There are more than a few Internet geeks who have chased the life of a rockstar. It’s a bit of poetic justice, perhaps, that the daily existence of more and more recording artists resembles that of an Internet worker. Clive Thompson (the endlessly insightful writer who penned the excellent Wired article on the See-Through CEO) exposed this new reality of emerging musical artists in his recent article in the NYTimes Magazine, Sex, Drugs and Updating Your Blog.
The article explores how remarkably different the music business is for Internet-enabled artists as they seek to grow their fan-base, develop income streams, plan their tours, and really, everything else. In fact, these artists have everything in common with the companies we talk about on this blog, the ones that are enmeshed in the life of the Web, actively engaged with their most passionate customers and fans. Surprisingly, they show that even rockstars need better ways to handle their own customer service (or “fan” service, if you will). Jonathan Coulton, a singer-songwriter from New York is a good example:
Coulton responds to every letter, though as the e-mail volume has grown to as many as 100 messages a day, his replies have grown more and more terse, to the point where he’s now feeling guilty about being rude.

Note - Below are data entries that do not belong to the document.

(* Fix a partition $[n]=U\sqcup D$ and the associated map $\eta$ from $S_n$ to triangulations of the polygon $Q$ described below. Then the fibers of $\eta$ are exactly the congruence classes of a lattice congruence on the weak order on $S_n$.
   Context: $S_n$ is the set of permutations of $[n]=\{1,\dots,n\}$ in one-line notation $x=x_1\cdots x_n$. The weak order: $x\le y$ iff $I(x)\subseteq I(y)$ where $I(x)=\{(x_j,x_i): i<j,\ x_i>x_j\}$; it is a lattice. Let $Q$ be a convex polygon in $\mathbb R^2$ with vertices $v_0,v_1,\dots,v_{n+1}$ whose $x$-coordinates strictly increase with the index, with $v_0,v_{n+1}$ on the $x$-axis, such that $v_i$ has positive $y$-coordinate for $i\in U$ (''up indices'') and negative $y$-coordinate for $i\in D$ (''down indices''). A diagonal is a segment joining two non-adjacent vertices; a triangulation is a maximal set of pairwise non-crossing diagonals. For $x\in S_n$ define polygonal paths $\lambda_0(x),\dots,\lambda_n(x)$ from $v_0$ to $v_{n+1}$, each visiting its vertices in increasing order of index: $\lambda_0(x)$ visits $v_0$, the $v_i$ with $i\in D$, and $v_{n+1}$; for $i\ge1$, $\lambda_i(x)$ is obtained from $\lambda_{i-1}(x)$ by deleting the vertex $v_{x_i}$ if $x_i\in D$ and by adding the vertex $v_{x_i}$ if $x_i\in U$. Then $\eta(x)$ is the triangulation of $Q$ consisting of all diagonals of $Q$ that occur as edges of some $\lambda_i(x)$. A lattice congruence is an equivalence relation compatible with meets and joins. *)

From mathcomp Require Import all_boot fingroup perm.
Set Implicit Arguments. Unset Strict Implicit. Unset Printing Implicit Defensive.

(* Conventions: [n] = {1..n} is represented by 'I_n, the element k of [n]
   being the ordinal of value k-1.  A permutation x in S_n is a
   {perm 'I_n}; its one-line notation is x_1 ... x_n with x_{i} = x (i-1).
   The polygon vertices v_0, ..., v_{n+1} are represented by 'I_n.+2
   (vertex v_j by the ordinal of value j). *)

Section Defs.
Variable n : nat.

Definition inv_set (x : {perm 'I_n}) : {set 'I_n * 'I_n} :=
  [set (x j, x i) | i in [set: 'I_n], j in [set: 'I_n] & (i < j) && (x j < x i)].

Definition weak_le (x y : {perm 'I_n}) : bool := inv_set x \subset inv_set y.

Definition vtx (k : 'I_n) : 'I_n.+2 := inord k.+1.
Definition v0 : 'I_n.+2 := ord0.
Definition vlast : 'I_n.+2 := ord_max.

Variable D : {set 'I_n}.
Definition U : {set 'I_n} := ~: D.

(* a and b are consecutive vertices (a < b) of the path through the vertex
   set S visited in increasing order of index *)
Definition path_edge (S : {set 'I_n.+2}) (a b : 'I_n.+2) : bool :=
  [&& a < b, a \in S, b \in S & [forall c in S, ~~ ((a < c) && (c < b))]].

(* lower and upper boundary chains of Q: the boundary of the convex polygon Q
   consists of the lower chain v_0, (v_i)_{i in D}, v_{n+1} and the upper
   chain v_0, (v_i)_{i in U}, v_{n+1}, each in increasing order of index *)
Definition lower_chain : {set 'I_n.+2} := v0 |: (vlast |: (vtx @: D)).
Definition upper_chain : {set 'I_n.+2} := v0 |: (vlast |: (vtx @: U)).

Definition polygon_edge (a b : 'I_n.+2) : bool :=
  path_edge lower_chain a b || path_edge upper_chain a b.

Definition is_diagonal (p : 'I_n.+2 * 'I_n.+2) : bool :=
  (p.1 < p.2) && ~~ polygon_edge p.1 p.2.

Fixpoint lam (x : {perm 'I_n}) (i : nat) : {set 'I_n.+2} :=
  match i with
  | 0 => lower_chain
  | i'.+1 =>
      match (insub i' : option 'I_n) with
      | Some j => let k := x j in
                  if k \in D then lam x i' :\ vtx k else vtx k |: lam x i'
      | None => lam x i'
      end
  end.

Definition eta (x : {perm 'I_n}) : {set 'I_n.+2 * 'I_n.+2} :=
  [set p | is_diagonal p &&
           [exists i : 'I_n.+1, path_edge (lam x i) p.1 p.2]].

End Defs.

Definition is_meet (T : finType) (le : rel T) (x y m : T) : Prop :=
  le m x /\ le m y /\ forall z, le z x -> le z y -> le z m.
Definition is_join (T : finType) (le : rel T) (x y j : T) : Prop :=
  le x j /\ le y j /\ forall z, le x z -> le y z -> le j z.

Definition lattice_congruence (T : finType) (le : rel T) (r : T -> T -> Prop)
  : Prop :=
  [/\ (forall x, r x x),
      (forall x y, r x y -> r y x),
      (forall x y z, r x y -> r y z -> r x z),
      (forall x1 x2 y1 y2 m1 m2, r x1 y1 -> r x2 y2 ->
         is_meet le x1 x2 m1 -> is_meet le y1 y2 m2 -> r m1 m2) &
      (forall x1 x2 y1 y2 j1 j2, r x1 y1 -> r x2 y2 ->
         is_join le x1 x2 j1 -> is_join le y1 y2 j2 -> r j1 j2)].

From mathcomp Require Import all_boot fingroup perm zify.
Set Implicit Arguments. Unset Strict Implicit. Unset Printing Implicit Defensive.

(* For i < j put A = {i} ∪ (U ∩ (i,j)) and B = {j} ∪ (D ∩ (i,j)) ([arc_up],
   [arc_down]), and let the test (i,j) ([arc_inv]) ask that every pair a < b
   with a ∈ A, b ∈ B be an inversion.
   The permutations passing a test form a principal filter of the weak order,
   so a meet passes exactly the tests passed by both arguments.  A test is
   decided by the edges of the paths λ_t(x): if (a, b) ∈ A × B is a
   non-inverted pair with b - a minimal and a is the p-th entry of x, then no
   vertex of λ_p(x) lies strictly between v_a and v_b, and the edge of λ_p(x)
   spanning them has its endpoints in two vertex sets determined by (i,j);
   conversely every such edge exhibits a non-inverted pair.  Hence the tests
   are functions of η(x).  Conversely, η is invariant under swapping adjacent
   entries x_s > x_(s+1) whenever some value c between them keeps its vertex on
   λ_(s+1); each fibre of η thus contains a permutation admitting no such swap,
   and for it the tests recover every inversion, hence the permutation.  So
   η(x) = η(y) iff x and y pass the same tests, which is compatible with meets;
   joins follow by the symmetry x ↦ x w_0, which reverses the weak order and
   exchanges U and D. *)

Lemma ord_eqE m (a b : 'I_m) : (a == b) = (a == b :> nat).
Proof. by []. Qed.

Section Positions.
Variable n : nat.
Implicit Types (x y : {perm 'I_n}) (a b c : 'I_n).

Definition pos x (c : 'I_n) : 'I_n := (x^-1)%g c.

Lemma posK x : cancel (pos x) x. Proof. exact: permKV. Qed.
Lemma pos_permK x : cancel x (pos x). Proof. exact: permK. Qed.
Lemma pos_inj x : injective (pos x). Proof. exact: perm_inj. Qed.

Lemma pos_eqE x a b : (pos x a == b) = (a == x b).
Proof. by apply/eqP/eqP => [<- | ->]; rewrite ?posK ?pos_permK. Qed.

Lemma inv_setP x a b :
  ((a, b) \in inv_set x) = (a < b) && (pos x b < pos x a).
Proof.
apply/idP/andP => [/imset2P [i j _] | [ab pba]].
  by rewrite !inE /= => /andP [ij xji] [-> ->]; rewrite !pos_permK.
by apply/imset2P; exists (pos x b) (pos x a); rewrite ?inE ?posK ?pba ?ab.
Qed.

Lemma weak_leP x y :
  reflect (forall a b, a < b -> pos x b < pos x a -> pos y b < pos y a)
          (weak_le x y).
Proof.
apply: (iffP subsetP) => [le_xy a b ab | le_xy [a b]].
  by move=> pba; have := le_xy (a, b); rewrite !inv_setP ab pba; apply.
by rewrite !inv_setP => /andP [ab pba]; rewrite ab le_xy.
Qed.

Lemma ord_incr_id (f : 'I_n -> 'I_n) : {homo f : p q / p < q} -> f =1 id.
Proof.
move=> f_incr.
have geq_f k (p : 'I_n) : p = k :> nat -> p <= f p.
  elim: k p => [p -> // | k IHk p pk].
  have kn : k < n by rewrite -pk ltnW.
  have := IHk (Ordinal kn) erefl; have := f_incr (Ordinal kn) p.
  by rewrite pk /= => /(_ (ltnSn k)); lia.
have leq_f k (p : 'I_n) : p + k = n.-1 -> f p <= p.
  elim: k p => [|k IHk] p pk; first by have := ltn_ord (f p); lia.
  have pn : p.+1 < n by have := ltn_ord p; lia.
  have := IHk (Ordinal pn); have := f_incr p (Ordinal pn) (ltnSn p).
  by rewrite /=; lia.
move=> p; apply: val_inj; apply/eqP; rewrite eqn_leq (geq_f p p erefl) andbT.
by apply: (leq_f (n.-1 - p)); have := ltn_ord p; lia.
Qed.

Lemma inv_set_inj : injective (@inv_set n).
Proof.
move=> x y exy.
have invE a b : a < b -> (pos x b < pos x a) = (pos y b < pos y a).
  by move=> ab; have := inv_setP x a b; rewrite exy inv_setP ab.
have incr : {homo pos y \o x : p q / p < q}.
  move=> p q pq /=; case: (ltngtP (x p) (x q)) => [xpq|xqp|/val_inj/perm_inj epq].
  - rewrite ltn_neqAle leqNgt -invE // !pos_permK ltnNge (ltnW pq) andbT.
    by rewrite val_eqE (inj_eq (@pos_inj y)) (inj_eq perm_inj) neq_ltn pq.
  - by rewrite -invE // !pos_permK.
  - by move: pq; rewrite epq ltnn.
by apply/permP => p; have /(congr1 y) := ord_incr_id incr p; rewrite posK.
Qed.

Section Ranking.
Variable key : 'I_n -> nat.
Hypothesis key_inj : injective key.

Let rank a := #|[set c | key c < key a]|.

Let rank_lt a : rank a < n.
Proof.
rewrite /rank -[n in _ < n]card_ord; apply: proper_card; apply/properP.
by split; [apply/subsetP | exists a; rewrite // inE ltnn].
Qed.

Let rank_mono a b : key a < key b -> rank a < rank b.
Proof.
move=> ab; apply: proper_card; apply/properP; split.
  by apply/subsetP => c; rewrite !inE => ca; apply: ltn_trans ca ab.
by exists a; rewrite !inE // ltnn.
Qed.

Let rank_ord a : 'I_n := Ordinal (rank_lt a).

Let rank_ord_inj : injective rank_ord.
Proof.
move=> a b /(congr1 val) /= eab; apply: key_inj.
by case: (ltngtP (key a) (key b)) => // /rank_mono; rewrite eab ltnn.
Qed.

Lemma exists_perm_pos_key :
  exists al : {perm 'I_n}, forall a b, (pos al a < pos al b) = (key a < key b).
Proof.
exists (perm rank_ord_inj)^-1%g => a b; rewrite /pos invgK !permE /=.
apply/idP/idP; last exact: rank_mono.
case: (ltngtP (key a) (key b)) => // [/rank_mono ba | /key_inj ->]; last by rewrite ltnn.
by rewrite ltnNge (ltnW ba).
Qed.

End Ranking.

End Positions.

Section Arcs.
Variables (n : nat) (D : {set 'I_n}).
Implicit Types (x y m : {perm 'I_n}) (a b c i j : 'I_n).

Definition arc_up i j a := (a == i) || (i < a < j) && (a \notin D).
Definition arc_down i j b := (b == j) || (i < b < j) && (b \in D).

Definition arc_inv x i j :=
  [forall a, forall b, [==> arc_up i j a, arc_down i j b, a < b => pos x b < pos x a]].

Lemma arc_invP x i j :
  reflect (forall a b, arc_up i j a -> arc_down i j b -> a < b -> pos x b < pos x a)
          (arc_inv x i j).
Proof.
apply: (iffP forallP) => [inv a b ua db ab | inv a].
  by have /forallP/(_ b) := inv a; rewrite ua db ab.
by apply/forallP => b; apply/implyP => ua; apply/implyP => db; apply/implyP; apply: inv.
Qed.

Lemma arc_up_range i j a : i < j -> arc_up i j a -> i <= a < j.
Proof. by rewrite /arc_up => ij /orP [/eqP ->|/andP [] /andP []]; lia. Qed.
Inductive val : Type :=
| VVar  : nat -> val
| VUnit : val
| VLam  : tm -> val
| VRec  : tm -> val              (* rec f(x). M ; x = 0, f = 1 *)
| VPair : val -> val -> val
| VInl  : val -> val
| VInr  : val -> val
| VRoll : val -> val
with tm : Type :=
| App     : val -> val -> tm
| Let     : tm -> tm -> tm
| Ret     : val -> tm
| LetPair : val -> tm -> tm      (* let (x,y) = V in M ; y = 0, x = 1 *)
| Case    : val -> tm -> tm -> tm
| Unroll  : val -> tm
| Fork    : tm -> tm
| Give    : val -> val -> tm
| Take    : val -> tm
| NewCh   : tm.

Fixpoint ren_val (xi : nat -> nat) (v : val) : val :=
  match v with
  | VVar n => VVar (xi n)
  | VUnit => VUnit
  | VLam M => VLam (ren_tm (up_ren xi) M)
  | VRec M => VRec (ren_tm (up_ren (up_ren xi)) M)
  | VPair V W => VPair (ren_val xi V) (ren_val xi W)
  | VInl V => VInl (ren_val xi V)
  | VInr V => VInr (ren_val xi V)
  | VRoll V => VRoll (ren_val xi V)
  end
with ren_tm (xi : nat -> nat) (M : tm) : tm :=
  match M with
  | App V W => App (ren_val xi V) (ren_val xi W)
  | Let M N => Let (ren_tm xi M) (ren_tm (up_ren xi) N)
  | Ret V => Ret (ren_val xi V)
  | LetPair V N => LetPair (ren_val xi V) (ren_tm (up_ren (up_ren xi)) N)
  | Case V N1 N2 => Case (ren_val xi V) (ren_tm (up_ren xi) N1) (ren_tm (up_ren xi) N2)
  | Unroll V => Unroll (ren_val xi V)
  | Fork N => Fork (ren_tm xi N)
  | Give V W => Give (ren_val xi V) (ren_val xi W)
  | Take V => Take (ren_val xi V)
  | NewCh => NewCh
  end.

Definition up_sub (s : nat -> val) : nat -> val :=
  fun n => match n with 0 => VVar 0 | S n => ren_val S (s n) end.

Fixpoint subst_val (s : nat -> val) (v : val) : val :=
  match v with
  | VVar n => s n
  | VUnit => VUnit
  | VLam M => VLam (subst_tm (up_sub s) M)
  | VRec M => VRec (subst_tm (up_sub (up_sub s)) M)
  | VPair V W => VPair (subst_val s V) (subst_val s W)
  | VInl V => VInl (subst_val s V)
  | VInr V => VInr (subst_val s V)
  | VRoll V => VRoll (subst_val s V)
  end
with subst_tm (s : nat -> val) (M : tm) : tm :=
  match M with
  | App V W => App (subst_val s V) (subst_val s W)
  | Let M N => Let (subst_tm s M) (subst_tm (up_sub s) N)
  | Ret V => Ret (subst_val s V)
  | LetPair V N => LetPair (subst_val s V) (subst_tm (up_sub (up_sub s)) N)
  | Case V N1 N2 => Case (subst_val s V) (subst_tm (up_sub s) N1) (subst_tm (up_sub s) N2)
  | Unroll V => Unroll (subst_val s V)
  | Fork N => Fork (subst_tm s N)
  | Give V W => Give (subst_val s V) (subst_val s W)
  | Take V => Take (subst_val s V)
  | NewCh => NewCh
  end.

Definition scons (V : val) (s : nat -> val) : nat -> val :=
  fun n => match n with 0 => V | S k => s k end.

Definition subst1 (V : val) (M : tm) : tm := subst_tm (scons V VVar) M.
Definition subst2 (V W : val) (M : tm) : tm := subst_tm (scons V (scons W VVar)) M.

Inductive step : tm -> tm -> Prop :=
| st_lam : forall M V, step (App (VLam M) V) (subst1 V M)
| st_rec : forall M V, step (App (VRec M) V) (subst2 V (VRec M) M)
| st_let_ret : forall V N, step (Let (Ret V) N) (subst1 V N)
| st_pair : forall V W N, step (LetPair (VPair V W) N) (subst2 W V N)
| st_case_inl : forall V N1 N2, step (Case (VInl V) N1 N2) (subst1 V N1)
| st_case_inr : forall V N1 N2, step (Case (VInr V) N1 N2) (subst1 V N2)
| st_unroll : forall V, step (Unroll (VRoll V)) (Ret V)
| st_let_ctx : forall M M' N, step M M' -> step (Let M N) (Let M' N).

Inductive vtyped (B : ty) : list ty -> val -> ty -> Prop :=
| tv_var : forall G n A, nth_error G n = Some A -> vtyped B G (VVar n) A
| tv_unit : forall G, vtyped B G VUnit TyUnit
| tv_lam : forall G M A A', ttyped B (A :: G) M A' -> vtyped B G (VLam M) (TyArr A A')
| tv_rec : forall G M A A', ttyped B (A :: TyArr A A' :: G) M A' ->
    vtyped B G (VRec M) (TyArr A A')
| tv_pair : forall G V W A1 A2, vtyped B G V A1 -> vtyped B G W A2 ->
    vtyped B G (VPair V W) (TyProd A1 A2)
| tv_inl : forall G V A1 A2, vtyped B G V A1 -> vtyped B G (VInl V) (TySum A1 A2)
| tv_inr : forall G V A1 A2, vtyped B G V A2 -> vtyped B G (VInr V) (TySum A1 A2)
| tv_roll : forall G V A, vtyped B G V (unfold_mu A) -> vtyped B G (VRoll V) (TyMu A)
with ttyped (B : ty) : list ty -> tm -> ty -> Prop :=
| tt_app : forall G V W A A', vtyped B G V (TyArr A A') -> vtyped B G W A ->
    ttyped B G (App V W) A'
| tt_let : forall G M N A A', ttyped B G M A -> ttyped B (A :: G) N A' ->
    ttyped B G (Let M N) A'
| tt_ret : forall G V A, vtyped B G V A -> ttyped B G (Ret V) A
| tt_letpair : forall G V N A1 A2 A', vtyped B G V (TyProd A1 A2) ->
    ttyped B (A2 :: A1 :: G) N A' -> ttyped B G (LetPair V N) A'
| tt_case : forall G V N1 N2 A1 A2 A', vtyped B G V (TySum A1 A2) ->
    ttyped B (A1 :: G) N1 A' -> ttyped B (A2 :: G) N2 A' ->
    ttyped B G (Case V N1 N2) A'
| tt_unroll : forall G V A, vtyped B G V (TyMu A) ->
    ttyped B G (Unroll V) (unfold_mu A)
| tt_fork : forall G M, ttyped B G M TyUnit -> ttyped B G (Fork M) TyUnit
| tt_give : forall G V W, vtyped B G V B -> vtyped B G W TyChan ->
    ttyped B G (Give V W) TyUnit
| tt_take : forall G V, vtyped B G V TyChan -> ttyped B G (Take V) B
| tt_newch : forall G, ttyped B G NewCh TyChan.

End Ch.

Module Act.

Inductive val : Type :=
| VVar  : nat -> val
| VUnit : val
| VLam  : tm -> val
| VRec  : tm -> val
| VPair : val -> val -> val
| VInl  : val -> val
| VInr  : val -> val
| VRoll : val -> val
with tm : Type :=
| App     : val -> val -> tm
| Let     : tm -> tm -> tm
| Ret     : val -> tm
| LetPair : val -> tm -> tm
| Case    : val -> tm -> tm -> tm
| Unroll  : val -> tm
| Spawn   : tm -> tm
| Send    : val -> val -> tm     (* send V W : send message V to actor W *)
| Receive : tm
| Self    : tm.

Fixpoint ren_val (xi : nat -> nat) (v : val) : val :=
  match v with
  | VVar n => VVar (xi n)
  | VUnit => VUnit
  | VLam M => VLam (ren_tm (up_ren xi) M)
  | VRec M => VRec (ren_tm (up_ren (up_ren xi)) M)
  | VPair V W => VPair (ren_val xi V) (ren_val xi W)
  | VInl V => VInl (ren_val xi V)
  | VInr V => VInr (ren_val xi V)
  | VRoll V => VRoll (ren_val xi V)
  end
with ren_tm (xi : nat -> nat) (M : tm) : tm :=
  match M with
  | App V W => App (ren_val xi V) (ren_val xi W)
  | Let M N => Let (ren_tm xi M) (ren_tm (up_ren xi) N)
  | Ret V => Ret (ren_val xi V)
  | LetPair V N => LetPair (ren_val xi V) (ren_tm (up_ren (up_ren xi)) N)
  | Case V N1 N2 => Case (ren_val xi V) (ren_tm (up_ren xi) N1) (ren_tm (up_ren xi) N2)
  | Unroll V => Unroll (ren_val xi V)
  | Spawn N => Spawn (ren_tm xi N)
  | Send V W => Send (ren_val xi V) (ren_val xi W)
  | Receive => Receive
  | Self => Self
  end.

Definition up_sub (s : nat -> val) : nat -> val :=
  fun n => match n with 0 => VVar 0 | S n => ren_val S (s n) end.

Fixpoint subst_val (s : nat -> val) (v : val) : val :=
  match v with
  | VVar n => s n
  | VUnit => VUnit
  | VLam M => VLam (subst_tm (up_sub s) M)
  | VRec M => VRec (subst_tm (up_sub (up_sub s)) M)
  | VPair V W => VPair (subst_val s V) (subst_val s W)
  | VInl V => VInl (subst_val s V)
  | VInr V => VInr (subst_val s V)
  | VRoll V => VRoll (subst_val s V)
  end
with subst_tm (s : nat -> val) (M : tm) : tm :=
  match M with
  | App V W => App (subst_val s V) (subst_val s W)
  | Let M N => Let (subst_tm s M) (subst_tm (up_sub s) N)
  | Ret V => Ret (subst_val s V)
  | LetPair V N => LetPair (subst_val s V) (subst_tm (up_sub (up_sub s)) N)
  | Case V N1 N2 => Case (subst_val s V) (subst_tm (up_sub s) N1) (subst_tm (up_sub s) N2)
  | Unroll V => Unroll (subst_val s V)
  | Spawn N => Spawn (subst_tm s N)
  | Send V W => Send (subst_val s V) (subst_val s W)
  | Receive => Receive
  | Self => Self
  end.

Definition scons (V : val) (s : nat -> val) : nat -> val :=
  fun n => match n with 0 => V | S k => s k end.

Definition subst1 (V : val) (M : tm) : tm := subst_tm (scons V VVar) M.
Definition subst2 (V W : val) (M : tm) : tm := subst_tm (scons V (scons W VVar)) M.

Inductive step : tm -> tm -> Prop :=
| st_lam : forall M V, step (App (VLam M) V) (subst1 V M)
| st_rec : forall M V, step (App (VRec M) V) (subst2 V (VRec M) M)
| st_let_ret : forall V N, step (Let (Ret V) N) (subst1 V N)
| st_pair : forall V W N, step (LetPair (VPair V W) N) (subst2 W V N)
| st_case_inl : forall V N1 N2, step (Case (VInl V) N1 N2) (subst1 V N1)
| st_case_inr : forall V N1 N2, step (Case (VInr V) N1 N2) (subst1 V N2)
| st_unroll : forall V, step (Unroll (VRoll V)) (Ret V)
| st_let_ctx : forall M M' N, step M M' -> step (Let M N) (Let M' N).

(* iso-recursive lists:  [] = roll (inl ()),  v :: vs = roll (inr (v, vs)) *)
Definition vnil : val := VRoll (VInl VUnit).
Definition vcons (v vs : val) : val := VRoll (VInr (VPair v vs)).

(* append = rec app(p). let (l, ys) = p in let u <= unroll l in
     case u { inl _ -> return ys
            ; inr c -> let (h, t) = c in let r <= app (t, ys) in
                       return (h :: r) } *)
Definition append : val :=
  VRec (LetPair (VVar 0)
   (Let (Unroll (VVar 1))
    (Case (VVar 0)
      (Ret (VVar 2))
      (LetPair (VVar 0)
        (Let (App (VVar 7) (VPair (VVar 0) (VVar 4)))
          (Ret (vcons (VVar 2) (VVar 0)))))))).

(* drain = \x. let (vals, pids) = x in
     case vals { [] -> return (vals, pids)
               ; v :: vs -> case pids { [] -> return (vals, pids)
                                      ; pid :: pids' -> send v pid;
                                                        return (vs, pids') } } *)
Definition drain : val :=
  VLam (LetPair (VVar 0)
   (Let (Unroll (VVar 1))
    (Case (VVar 0)
      (Ret (VPair (VVar 3) (VVar 2)))
      (LetPair (VVar 0)
       (Let (Unroll (VVar 4))
        (Case (VVar 0)
          (Ret (VPair (VVar 7) (VVar 6)))
          (LetPair (VVar 0)
            (Let (Send (VVar 5) (VVar 1))
              (Ret (VPair (VVar 5) (VVar 1))))))))))).

(* body = rec g(state). let recvVal <= receive in let (vals, pids) = state in
     case recvVal { inl v   -> let vals' <= vals ++ [v] in
                               let st <= drain (vals', pids) in g st
                  ; inr pid -> let pids' <= pids ++ [pid] in
                               let st <= drain (vals, pids') in g st } *)
Definition chan_body : val :=
  VRec (Let Receive
   (LetPair (VVar 1)
    (Case (VVar 2)
      (Let (App append (VPair (VVar 2) (vcons (VVar 0) vnil)))
        (Let (App drain (VPair (VVar 0) (VVar 2)))
          (App (VVar 7) (VVar 0))))
      (Let (App append (VPair (VVar 1) (vcons (VVar 0) vnil)))
        (Let (App drain (VPair (VVar 3) (VVar 0)))
          (App (VVar 7) (VVar 0))))))).

End Act.

Fixpoint tr_val (v : Ch.val) : Act.val :=
  match v with
  | Ch.VVar n => Act.VVar n
  | Ch.VUnit => Act.VUnit
  | Ch.VLam M => Act.VLam (tr_tm M)
  | Ch.VRec M => Act.VRec (tr_tm M)
  | Ch.VPair V W => Act.VPair (tr_val V) (tr_val W)
  | Ch.VInl V => Act.VInl (tr_val V)
  | Ch.VInr V => Act.VInr (tr_val V)
  | Ch.VRoll V => Act.VRoll (tr_val V)
  end
with tr_tm (M : Ch.tm) : Act.tm :=
  match M with
  | Ch.App V W => Act.App (tr_val V) (tr_val W)
  | Ch.Let M N => Act.Let (tr_tm M) (tr_tm N)
  | Ch.Ret V => Act.Ret (tr_val V)
  | Ch.LetPair V N => Act.LetPair (tr_val V) (tr_tm N)
  | Ch.Case V N1 N2 => Act.Case (tr_val V) (tr_tm N1) (tr_tm N2)
  | Ch.Unroll V => Act.Unroll (tr_val V)
  | Ch.Fork N => Act.Let (Act.Spawn (tr_tm N)) (Act.Ret Act.VUnit)
  | Ch.Give V W => Act.Send (Act.VInl (tr_val V)) (tr_val W)
  | Ch.Take V =>
      Act.Let Act.Self
        (Act.Let (Act.Send (Act.VInr (Act.VVar 0)) (Act.ren_val S (tr_val V)))
                 Act.Receive)
  | Ch.NewCh => Act.Spawn (Act.App Act.chan_body (Act.VPair Act.vnil Act.vnil))
  end.

(* The translation is homomorphic on values and on all the term formers that
   take part in functional reduction, so a redex of -->_M is translated to
   the corresponding redex of lambda_act, provided translation commutes with
   substitution.  The only case needing care is [[take V]], which puts [[V]]
   under the extra binder of [self] and thus under a shift; it commutes with
   renaming and substitution because shifting does. *)


Scheme act_val_ind' := Induction for Act.val Sort Prop
with act_tm_ind' := Induction for Act.tm Sort Prop.
Combined Scheme act_mut from act_val_ind', act_tm_ind'.

Scheme ch_val_ind' := Induction for Ch.val Sort Prop
with ch_tm_ind' := Induction for Ch.tm Sort Prop.
Combined Scheme ch_mut from ch_val_ind', ch_tm_ind'.

Lemma up_ren_comp (xi zeta rho : nat -> nat) :
  (forall n, xi (zeta n) = rho n) ->
  forall n, up_ren xi (up_ren zeta n) = up_ren rho n.
Proof. intros H [|n]; cbn; congruence. Qed.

And he’s not the only one:
When the Hold Steady formed four years ago, [guitarist] Tad Kubler immediately signed up for a MySpace page, later adding a discussion board, and curious fans were drawn in like iron filings to a magnet. Now the band’s board teems with fans asking technical questions about Kubler’s guitars, swapping bootlegged MP3 recordings of live gigs with each other, organizing carpool drives to see the band…[But] the Hold Steady’s online audience has grown so huge that Kubler, like Jonathan Coulton, is struggling to bear the load. It is the central paradox of online networking: if you’re really good at it, your audience quickly grows so big that you can no longer network with them…Virtually everyone bemoaned the relentless and often boring slog of keyboarding. It is, of course, precisely the sort of administrative toil that people join rock bands to avoid.
The flip side is that artists are innovating in how they interact with their audiences, and we should all be paying attention to how they’re doing it. Artists are developing truly symbiotic relationships with their fans. Here are a few observations on the practical ramifications of this:
- The more successful they are, the harder it is to keep up with the customer interaction (whether it’s email or MySpace friend requests)
- While there is increasing transparency with fans via blogs and discussion boards, it’s hard to always know how to behave without traditional boundaries
- When given the chance, fans will act as the artist’s “promotions department”
- With minimal prodding fans will provide endless tips, suggestions, artwork, music videos, web site support, and business advice
- Using polls of fans’ from each geographic area, artists can plot tour schedules that are virtually guaranteed to reach a critical mass of fans
This reminds me of a graphic I posted a while back showing how different kinds of companies interact (or don’t) with their customers:

That’s not quite right given what we’re learning here. So here’s an updated graphic that reflects how this new generation of artists are interacting with their fans. Emerging artists are gaining a unique advantage vis a vis stadium-filling superstars by doing what they could never hope to do–engage directly with fans.
Some artists, like Jane Siberry, have embraced transparency and fan cooperation to a remarkable degree. She’s created an honor system for selling her music that not only replaces DRM with trust, but avoids fixed prices altogether.
[Sibbery] has a “pay what you can” policy with her downloadable songs, so fans can download them free — but her site also shows the average price her customers have paid for each track. This subtly creates a community standard, a generalized awareness of how much people think each track is really worth. The result? The average price is as much as $1.30 a track, more than her fans would pay at iTunes.
All this artist-community collaboration sounds great, except it’s not as easy as it sounds. The pressure to stand out, compete with other bands, and figure out what works can be crushing.
Performing artists these days, particularly new or struggling musicians, are increasingly eager, even desperate, to master the new social rules of Internet fame. They know many young fans aren’t hearing about bands from MTV or magazines anymore; fame can come instead through viral word-of-mouth, when a friend forwards a Web-site address, swaps an MP3, e-mails a link to a fan blog or posts a cellphone concert video on YouTube.
Myspace has provided a more focused environment for artists to reach out to fans, but even here the social dynamics can spiral out of control quickly. Thompson calls it an “arms race for fans,” and when a band is successful it can lead to tens of thousands of new fans. So many, in fact, that these overwhelmed artists are starting to use software robots to auto-approve all the incoming friend requests.
For the artists that don’t get this kind of traction there is also an alternative: software robots that create fake MySpace users whose sole purpose is to friend-request the band. And while these “fans” won’t do much for record sales, at least they won’t contribute to the anguish of email overload.